Extracted data entries =>
===
(* Let $(G_N)$ be a family of nonempty graphs. If $\sup_N |V(\operatorname{core}(G_N))|<\infty$, then the set $\{\hat r_\infty(G_N): N\ge 1\}$ is finite.
   Context: All graphs are finite and simple; a graph is nonempty if it has at least one edge. $\operatorname{core}(G)$ is the graph obtained from $G$ by deleting all isolated vertices. $tK_2$ is a matching with $t$ edges. For graphs $F,G,H$, $F\to(G,H)$ means every red--blue coloring of $E(F)$ contains a red copy of $G$ or a blue copy of $H$, and $\hat r(G,H)=\min\{|E(F)|:F\to(G,H)\}$. For a nonempty graph $G$, $\hat r_\infty(G)=\lim_{t\to\infty}\frac{\hat r(tK_2,G)}{t\,|E(G)|}$ (this limit exists). *)

From Stdlib Require Import Reals ClassicalEpsilon.
From Coquelicot Require Import Coquelicot.
From mathcomp Require Import all_boot.

Set Implicit Arguments.
Unset Strict Implicit.
Unset Printing Implicit Defensive.

Record graph := Graph {
  gn : nat;
  gadj : rel 'I_gn;
  gsym : symmetric gadj;
  girr : irreflexive gadj }.
Arguments gadj : clear implicits.

Definition edges (G : graph) : {set {set 'I_(gn G)}} :=
  [set e : {set 'I_(gn G)} | [exists u : 'I_(gn G), exists v : 'I_(gn G), gadj G u v && (e == [set u; v])]].

Definition nedges (G : graph) : nat := #|edges G|.

Definition nonempty_graph (G : graph) : Prop := (0 < nedges G)%N.

Definition core_order (G : graph) : nat :=
  #|[set v : 'I_(gn G) | [exists u : 'I_(gn G), gadj G v u]]|.

(* A red/blue colouring of E(F): value of an edge {u,v} is c [set u; v]
   (true = red, false = blue); values on non-edges are irrelevant. *)
Definition coloring (F : graph) := {set 'I_(gn F)} -> bool.

Definition mono_copy (F : graph) (c : coloring F) (col : bool) (G : graph) : Prop :=
  exists f : 'I_(gn G) -> 'I_(gn F), injective f /\
    forall u v, gadj G u v -> gadj F (f u) (f v) /\ c [set f u; f v] = col.

Definition arrows (F G H : graph) : Prop :=
  forall c : coloring F, mono_copy c true G \/ mono_copy c false H.

Definition size_ramsey_ok (G H : graph) (m : nat) : Prop :=
  exists F : graph, nedges F = m /\ arrows F G H.

(* hat r(G,H) = min { |E(F)| : F -> (G,H) }  (the minimum exists by Ramsey's
   theorem; epsilon is only used to pick it). *)
Definition size_ramsey (G H : graph) : nat :=
  epsilon (inhabits 0%nat)
    (fun m => size_ramsey_ok G H m /\ forall k, size_ramsey_ok G H k -> (m <= k)%N).

(* The matching tK_2 on 'I_(2t): i ~ j iff i <> j and i/2 = j/2. *)
Definition matching_adj (t : nat) : rel 'I_(t.*2) :=
  fun i j => (i != j) && (i./2 == j./2).

Arguments matching_adj : clear implicits.
Lemma matching_sym t : symmetric (matching_adj t).
Proof. by move=> i j; rewrite /matching_adj eq_sym [j./2 == _]eq_sym. Qed.

Lemma matching_irr t : irreflexive (matching_adj t).
Proof. by move=> i; rewrite /matching_adj eqxx. Qed.

Definition matching (t : nat) : graph :=
  @Graph t.*2 (matching_adj t) (@matching_sym t) (@matching_irr t).

Definition r_infty (G : graph) : R :=
  real (Lim_seq (fun t : nat =>
     (INR (size_ramsey (matching t.+1) G) / (INR t.+1 * INR (nedges G)))%R)).

(* The value of r_infty G depends only on the core of G: padding a host graph
   with isolated vertices changes neither its size nor its arrowing properties,
   so if the cores of G and G' embed into each other, every host arrowing
   (K, G) yields one of the same size arrowing (K, G'), and conversely; hence
   size_ramsey K G = size_ramsey K G' and |E(G)| = |E(G')|.  A graph whose core
   has at most B vertices has the same core, up to mutual embedding, as a graph
   on the vertex set {0, ..., B} given by a boolean table on pairs, and there
   are only finitely many such tables. *)
From Stdlib Require Import Reals ClassicalEpsilon FunctionalExtensionality PropExtensionality.
From Coquelicot Require Import Coquelicot.
From mathcomp Require Import all_boot.

Set Implicit Arguments.
Unset Strict Implicit.
Unset Printing Implicit Defensive.

Lemma imset_inj_in (aT rT : finType) (f : aT -> rT) (D : {set aT}) :
  {in D &, injective f} ->
  {in [pred A : {set aT} | A \subset D] &, injective (fun A : {set aT} => f @: A)}.
Proof.
move=> injf A B /subsetP sAD /subsetP sBD /= eqAB.
have memE X x : {subset X <= D} -> x \in D -> (x \in X) = (f x \in f @: X).
  move=> sXD xD; apply/idP/imsetP => [xX | [y yX /injf -> //]]; first by exists x.
  exact: sXD.
apply/setP => x; have [xD | xD] := boolP (x \in D).
  by rewrite memE // eqAB -memE.
by rewrite (contraNF (sAD x)) ?(contraNF (sBD x)).
Qed.

Lemma mem_In (T : eqType) (x : T) (s : seq T) : x \in s -> List.In x s.
Proof. by elim: s => //= y s IHs; rewrite inE => /orP [/eqP ->|/IHs]; [left|right]. Qed.

Lemma edgesP (G : graph) (A : {set 'I_(gn G)}) :
  reflect (exists u v, gadj G u v /\ A = [set u; v]) (A \in edges G).
Proof.
rewrite inE; apply: (iffP existsP) => [[u /existsP [v /andP [uv /eqP ->]]] | [u [v [uv ->]]]].
  by exists u, v.
by exists u; apply/existsP; exists v; rewrite uv eqxx.
Qed.

Definition core (G : graph) : {set 'I_(gn G)} := [set v | [exists u, gadj G v u]].

Lemma adj_core (G : graph) u v : gadj G u v -> u \in core G /\ v \in core G.
Proof.
by move=> uv; rewrite !inE; split; apply/existsP; [exists v | exists u; rewrite gsym].
Qed.

Lemma edges_sub_core (G : graph) A : A \in edges G -> A \subset core G.
Proof.
case/edgesP => u [v [/adj_core [uG vG] ->]].
by apply/subsetP => x /set2P [] ->.
Qed.

Definition core_embedding (G H : graph) (f : 'I_(gn G) -> 'I_(gn H)) : Prop :=
  {in core G &, injective f} /\ forall u v, gadj G u v -> gadj H (f u) (f v).
Arguments core_embedding : clear implicits.

Definition core_equiv (G H : graph) : Prop :=
  (exists f, core_embedding G H f) /\ (exists g, core_embedding H G g).

Lemma nedges_embedding (G H : graph) f : core_embedding G H f -> (nedges G <= nedges H)%N.
Proof.
case=> injf adjf; rewrite /nedges.
rewrite -(card_in_imset (f := fun A : {set 'I_(gn G)} => f @: A)); last first.
  by move=> A B /edges_sub_core sA /edges_sub_core sB; apply: (imset_inj_in injf).
apply/subset_leq_card/subsetP => _ /imsetP [_ /edgesP [u [v [uv ->]]] ->].
by apply/edgesP; exists (f u), (f v); rewrite imsetU1 imset_set1 adjf.
Qed.

Lemma nedges_core_equiv (G H : graph) : core_equiv G H -> nedges G = nedges H.
Proof.
case=> [[f ef] [g eg]].
by apply/eqP; rewrite eqn_leq (nedges_embedding ef) (nedges_embedding eg).
Qed.

Section Pad.
Variables (F : graph) (k : nat).

Definition pad_adj (i j : 'I_(gn F + k)) : bool :=
  if (split i, split j) is (inl a, inl b) then gadj F a b else false.

Lemma pad_sym : symmetric pad_adj.
Proof.
by move=> i j; rewrite /pad_adj; case: (split i); case: (split j) => // a b; rewrite gsym.
Qed.

Lemma pad_irr : irreflexive pad_adj.
Proof. by move=> i; rewrite /pad_adj; case: (split i) => // a; rewrite girr. Qed.

Definition pad : graph := @Graph (gn F + k) pad_adj pad_sym pad_irr.

Lemma pad_adj_lshift a b : gadj pad (lshift k a) (lshift k b) = gadj F a b.
Proof. by rewrite /= /pad_adj !(@unsplitK _ _ (inl _)). Qed.

Lemma pad_adjP (i j : 'I_(gn F + k)) : gadj pad i j ->
  exists a b, [/\ i = lshift k a, j = lshift k b & gadj F a b].
Proof.
rewrite /= /pad_adj; move: (splitK i) (splitK j).
by case: (split i) => // a; case: (split j) => // b /= <- <- ab; exists a, b.
Qed.

Lemma lshift_embedding : core_embedding F pad (lshift k).
Proof. by split=> [u v _ _ /lshift_inj | u v]; rewrite ?pad_adj_lshift. Qed.

Lemma nedges_pad : nedges pad = nedges F.
Proof.
apply/eqP; rewrite eqn_leq (nedges_embedding lshift_embedding) andbT.
apply: leq_trans (leq_imset_card (fun A : {set 'I_(gn F)} => lshift k @: A) (edges F)).
apply/subset_leq_card/subsetP => _ /edgesP [i [j [/pad_adjP [a [b [-> -> ab]]] ->]]].
by apply/imsetP; exists [set a; b]; [apply/edgesP; exists a, b | rewrite imsetU1 imset_set1].
Qed.

Definition pad_restr (c : coloring pad) : coloring F := fun A => c (lshift k @: A).

Lemma mono_copy_lshift (c : coloring pad) col K :
  mono_copy (pad_restr c) col K -> mono_copy c col K.
Proof.
case=> g [injg copyg]; exists (fun u => lshift k (g u)); split.
  by move=> u v /lshift_inj /injg.
move=> u v /copyg [gFuv cuv]; rewrite pad_adj_lshift; split=> //.
by rewrite -cuv /pad_restr imsetU1 imset_set1.
Qed.

End Pad.

(* Core vertices of H' follow the copy of H through f; the isolated vertices
   of H' are sent injectively to the padding. *)
Lemma mono_copy_pad (F H H' : graph) f (c : coloring (pad F (gn H'))) col :
  core_embedding H' H f -> mono_copy (pad_restr c) col H -> mono_copy c col H'.
Proof.
case=> injf adjf [g [injg copyg]].
pose psi v := if v \in core H' then lshift (gn H') (g (f v)) else rshift (gn F) v.
exists psi; split.
  move=> v w; rewrite /psi.
  case: ifP => vH; case: ifP => wH.
  - by move/lshift_inj/injg/injf; apply.
  - by move/eqP; rewrite eq_lrshift.
  - by move/eqP; rewrite eq_rlshift.
  - exact: rshift_inj.
move=> v w vw; have [vH wH] := adj_core vw; rewrite /psi vH wH.
have [gFvw cvw] := copyg _ _ (adjf _ _ vw).
by rewrite pad_adj_lshift -cvw /pad_restr imsetU1 imset_set1.
Qed.

Lemma arrows_pad (F K H H' : graph) f :
  core_embedding H' H f -> arrows F K H -> arrows (pad F (gn H')) K H'.
Proof.
move=> ef FKH c; case: (FKH (pad_restr c)) => [red | blue].
  by left; apply: mono_copy_lshift.
by right; apply: mono_copy_pad ef blue.
Qed.

Lemma size_ramsey_ok_embedding (K H H' : graph) f m :
  core_embedding H' H f -> size_ramsey_ok K H m -> size_ramsey_ok K H' m.
Proof.
move=> ef [F [<- FKH]]; exists (pad F (gn H')).
by rewrite nedges_pad; split=> //; apply: arrows_pad ef FKH.
Qed.

Lemma size_ramsey_core_equiv (K H H' : graph) :
  core_equiv H H' -> size_ramsey K H = size_ramsey K H'.
Proof.
case=> [[f ef] [g eg]].
have okE m : size_ramsey_ok K H m <-> size_ramsey_ok K H' m.
  by split; [apply: size_ramsey_ok_embedding eg | apply: size_ramsey_ok_embedding ef].
rewrite /size_ramsey; congr (epsilon _ _).
apply: functional_extensionality => m; apply: propositional_extensionality.
by split=> [] [okm minm]; split=> [|n /okE]; by [apply/okE | apply: minm].
Qed.

Lemma r_infty_core_equiv (H H' : graph) : core_equiv H H' -> r_infty H = r_infty H'.
Proof.
move=> HH'; rewrite /r_infty (nedges_core_equiv HH').
congr (real (Lim_seq _)); apply: functional_extensionality => t.
by rewrite (size_ramsey_core_equiv _ HH').
Qed.

Section TableGraph.
Variables (n : nat) (r : {ffun 'I_n * 'I_n -> bool}).

Definition table_adj (i j : 'I_n) : bool := [&& i != j, r (i, j) & r (j, i)].

Lemma table_sym : symmetric table_adj.
Proof. by move=> i j; rewrite /table_adj eq_sym [r (i, j) && _]andbC. Qed.

Lemma table_irr : irreflexive table_adj.
Proof. by move=> i; rewrite /table_adj eqxx. Qed.

Definition table_graph : graph := @Graph n table_adj table_sym table_irr.

End TableGraph.

(* Row i of the table is the i-th vertex of enum (core G); the hypothesis
   0 < gn G only supplies a default vertex for nth. *)
Lemma core_equiv_table_graph (G : graph) B : (0 < gn G)%N -> (core_order G <= B)%N ->
  exists r : {ffun 'I_B.+1 * 'I_B.+1 -> bool}, core_equiv G (table_graph r).
Proof.
move=> G_gt0 coreB; pose x0 := Ordinal G_gt0.
pose s := enum (core G); pose to_table u : 'I_B.+1 := inord (index u s).
pose of_table (i : 'I_B.+1) := nth x0 s i.
have size_s : size s = core_order G by rewrite -cardE.
have mem_s w : (w \in s) = (w \in core G) by rewrite mem_enum.
have to_tableE u : u \in core G -> (to_table u : nat) = index u s.
  move=> uG; apply: inordK; rewrite ltnS; apply: leq_trans coreB; apply: ltnW.
  by rewrite -size_s index_mem mem_s.
pose r := [ffun p : 'I_B.+1 * 'I_B.+1 =>
  [&& (p.1 < size s)%N, (p.2 < size s)%N & gadj G (of_table p.1) (of_table p.2)]].
have inj_to : {in core G &, injective to_table}.
  move=> u v uG vG /(congr1 val); rewrite /= !to_tableE //.
  by apply: (index_inj x0); rewrite mem_s.
exists r; split.
  exists to_table; split=> // u v uv; have [uG vG] := adj_core uv.
  have to_tableK w : w \in core G -> of_table (to_table w) = w.
    by move=> wG; rewrite /of_table to_tableE // nth_index ?mem_s.
  have rE w w' : w \in core G -> w' \in core G -> r (to_table w, to_table w') = gadj G w w'.
    by move=> wG w'G; rewrite ffunE /= !to_tableE // !index_mem !mem_s wG w'G !to_tableK.
  rewrite /= /table_adj !rE // uv gsym uv !andbT.
  by apply: contraTneq uv => /(inj_to _ _ uG vG) ->; rewrite girr.
exists of_table; split=> [i j | i j].
  rewrite !inE => /existsP [i' /and3P [_ + _]] /existsP [j' /and3P [_ + _]].
  rewrite !ffunE => /andP [ilt _] /andP [jlt _] /eqP.
  by rewrite /of_table nth_uniq ?enum_uniq // => /eqP; apply: val_inj.
by rewrite /= /table_adj ffunE => /and3P [_ /and3P [_ _ ->]].
Qed.

Lemma nonempty_graph_gn_gt0 (G : graph) : nonempty_graph G -> (0 < gn G)%N.
Proof. by case/card_gt0P => _ /edgesP [u _]; apply: leq_ltn_trans (ltn_ord u). Qed.

Theorem proposition2p8 (G : nat -> graph) :
  (forall N, (1 <= N)%N -> nonempty_graph (G N)) ->
  (exists B : nat, forall N, (1 <= N)%N -> (core_order (G N) <= B)%N) ->
  exists s : seq R, forall N, (1 <= N)%N -> List.In (r_infty (G N)) s.
Proof.
move=> nonempty [B coreB].
exists (List.map (fun r => r_infty (table_graph r))
                 (enum {ffun 'I_B.+1 * 'I_B.+1 -> bool})).
move=> N N_ge1; have GN_gt0 := nonempty_graph_gn_gt0 (nonempty N N_ge1).
have [r GNr] := core_equiv_table_graph GN_gt0 (coreB N N_ge1).
by rewrite (r_infty_core_equiv GNr); apply/List.in_map/mem_In; rewrite mem_enum.
Qed.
===
All lines in the data above from the one with "Definition matching (t" through the one with "so if the cores" must be repeated exactly, and no others.

Definition matching (t : nat) : graph :=
  @Graph t.*2 (matching_adj t) (@matching_sym t) (@matching_irr t).

Definition r_infty (G : graph) : R :=
  real (Lim_seq (fun t : nat =>
     (INR (size_ramsey (matching t.+1) G) / (INR t.+1 * INR (nedges G)))%R)).

(* The value of r_infty G depends only on the core of G: padding a host graph
   with isolated vertices changes neither its size nor its arrowing properties,
   so if the cores of G and G' embed into each other, every host arrowing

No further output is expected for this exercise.